• REQUIRED WORK: Take each line in the entries below that holds "bool" and show it.

[Saved data entries]

Lemma max_coherentP phi :
  max_coherent phi <-> forall i, normc2 (phi i 0) = n%:R^-1.
Proof.
have normc2_sqrtn : normc2 (Num.sqrt (n%:R : R))%:C = n%:R.
  by rewrite normc2_real sqr_sqrtr.
split => [[theta phiE] i | phi_normc2].
  rewrite phiE normc2M -fmorphV normc2_real normc2_expi mul1r.
  by rewrite exprVn -normc2_real normc2_sqrtn.
exists (fun i => arg (phi i 0 * (Num.sqrt n%:R)%:C)) => i.
have n_neq0 : (n%:R : R) != 0.
  by rewrite pnatr_eq0 -lt0n (leq_ltn_trans _ (ltn_ord i)).
rewrite expi_arg ?normc2M ?phi_normc2 ?normc2_sqrtn ?mulVf // mulfK //.
by rewrite (inj_eq (@complexI _)) sqrtr_eq0 -ltNge lt0r n_neq0 /=.
Qed.

Lemma normv2_max_coherent phi : (0 < n)%N -> max_coherent phi -> normv2 phi = 1.
Proof.
move=> n_gt0 /max_coherentP phi_normc2; rewrite /normv2.
under eq_bigr do rewrite phi_normc2.
by rewrite sumr_const card_ord -[_ *+ n]mulr_natr mulVf ?pnatr_eq0 -?lt0n.
Qed.

Lemma fidelityE rho phi :
  fidelity rho phi = \sum_i \sum_j complex.Re ((phi i 0)^* * rho i j * phi j 0).
Proof.
rewrite /fidelity mxE; under eq_bigr do rewrite mxE big_distrl.
rewrite exchange_big raddf_sum; apply: eq_bigr => i _.
by rewrite raddf_sum; apply: eq_bigr => j _; rewrite !mxE.
Qed.

Definition sign_state (s : {ffun 'I_n -> bool}) : 'cV[R[i]]_n :=
  \col_i ((-1) ^+ s i / Num.sqrt n%:R)%:C.

Lemma sign_state_max_coherent s : max_coherent (sign_state s).
Proof.
exists (fun i => if s i then pi else 0) => i.
by rewrite mxE fmorph_div; case: (s i); rewrite ?cospi ?sinpi ?cos0 ?sin0.
Qed.

Lemma fidelity_sign_state rho s : fidelity rho (sign_state s) =
  \sum_i \sum_j (-1) ^+ s i * (-1) ^+ s j * (complex.Re (rho i j) / n%:R).
Proof.
rewrite fidelityE; apply: eq_bigr => i _; apply: eq_bigr => j _.
rewrite !mxE conjC_real Re_mulcr Re_mulcl.
have -> : (n%:R : R)^-1 = (Num.sqrt n%:R)^-1 ^+ 2 by rewrite exprVn sqr_sqrtr.
by ring.
Qed.

Lemma sum_fidelity_sign_state rho :
  \sum_s fidelity rho (sign_state s) =
  #|{ffun 'I_n -> bool}|%:R * (complex.Re (\tr rho) / n%:R).
Proof.
under eq_bigr do rewrite fidelity_sign_state.
rewrite exchange_big; under eq_bigr do rewrite exchange_big /=.
under eq_bigr do under eq_bigr do rewrite -mulr_suml sum_sign_ffun.
rewrite /mxtrace raddf_sum mulr_suml mulr_sumr; apply: eq_bigr => i _.
rewrite (bigD1 i) //= big1 => [|j /negbTE ji]; last by rewrite eq_sym ji !mul0r.
by rewrite eqxx mul1r addr0 mulrC.
Qed.

Lemma exists_fidelity_ge_trace rho :
  exists2 phi, max_coherent phi & complex.Re (\tr rho) / n%:R <= fidelity rho phi.
Proof.
have [s le_s] :
    exists s, complex.Re (\tr rho) / n%:R <= fidelity rho (sign_state s).
  by apply: (exists_ge_mean [ffun=> false]); rewrite sum_fidelity_sign_state.
by exists (sign_state s); first exact: sign_state_max_coherent.
Qed.

Lemma fidelity_diag rho phi : is_diag_mx rho -> max_coherent phi ->
  fidelity rho phi = complex.Re (\tr rho) / n%:R.
Proof.
move=> /is_diag_mxP rho_diag /max_coherentP phi_normc2.
rewrite fidelityE /mxtrace raddf_sum mulr_suml; apply: eq_bigr => i _.
rewrite (bigD1 i) //= big1 => [|j ji]; last first.
  by rewrite rho_diag 1?eq_sym // mulr0 mul0r.
by rewrite addr0 mulrAC mulcJ_normc2 Re_mulcl phi_normc2 mulrC.
Qed.

Lemma fidelity_rank_one (u : 'cV[R[i]]_n) phi :
  fidelity (u *m u^t*) phi = normc2 ((u^t* *m phi) 0 0).
Proof.
rewrite /fidelity.
have -> : phi^t* *m (u *m u^t*) *m phi = (u^t* *m phi)^t* *m (u^t* *m phi).
  by rewrite trmx_mul map_mxM trmxCK !mulmxA.
by rewrite dotmx_normv2 /normv2 big_ord1.
Qed.

Lemma fidelity_rank_one_le (u : 'cV[R[i]]_n) phi : max_coherent phi ->
  fidelity (u *m u^t*) phi <= (\sum_i Num.sqrt (normc2 (u i 0))) ^+ 2 / n%:R.
Proof.
move=> /max_coherentP phi_normc2; rewrite fidelity_rank_one.
set w := (u^t* *m phi) 0 0; set a := fun i => Num.sqrt (normc2 (u i 0)).
have a_ge0 : 0 <= \sum_i a i by apply: sumr_ge0 => i _; exact: sqrtr_ge0.
have w_le : Num.sqrt (normc2 w) <= (\sum_i a i) * Num.sqrt n%:R^-1.
  rewrite -lecR -normc_sqrt mulr_suml rmorph_sum /w mxE.
  apply: le_trans (ler_norm_sum _ _ _) _; apply: ler_sum => i _.
  by rewrite mxE normrM norm_conjC !mxE !normc_sqrt phi_normc2 rmorphM.
move: w_le; rewrite -(@ler_pXn2r _ 2) ?nnegrE ?mulr_ge0 ?sqrtr_ge0 //.
by rewrite exprMn !sqr_sqrtr ?normc2_ge0 ?invr_ge0.
Qed.

Lemma fidelity_rank_one_self phi : (0 < n)%N -> max_coherent phi ->
  fidelity (phi *m phi^t*) phi = 1.
Proof.
move=> n_gt0 phi_mc; rewrite fidelity_rank_one dotmx_normv2.
by rewrite (normv2_max_coherent n_gt0 phi_mc) normc2_real expr1n.
Qed.

Lemma coh_fraction_le rho b :
  (forall phi, max_coherent phi -> fidelity rho phi <= b) ->
  coh_fraction rho <= b.
Proof.
move=> fid_le; apply: ge_sup => [|_ [phi phi_mc <-]]; last exact: fid_le.
exists (fidelity rho (sign_state [ffun=> false])).
by exists (sign_state [ffun=> false]); first exact: sign_state_max_coherent.
Qed.

Lemma fidelity_le_coh_fraction rho b phi :
  (forall psi, max_coherent psi -> fidelity rho psi <= b) ->
  max_coherent phi -> fidelity rho phi <= coh_fraction rho.
Proof.
move=> fid_le phi_mc; apply: ub_le_sup; last by exists phi.
by exists b => _ [psi psi_mc <-]; exact: fid_le.
Qed.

• EXPECTED ANSWER:
Definition sign_state (s : {ffun 'I_n -> bool}) : 'cV[R[i]]_n :=
  #|{ffun 'I_n -> bool}|%:R * (complex.Re (\tr rho) / n%:R).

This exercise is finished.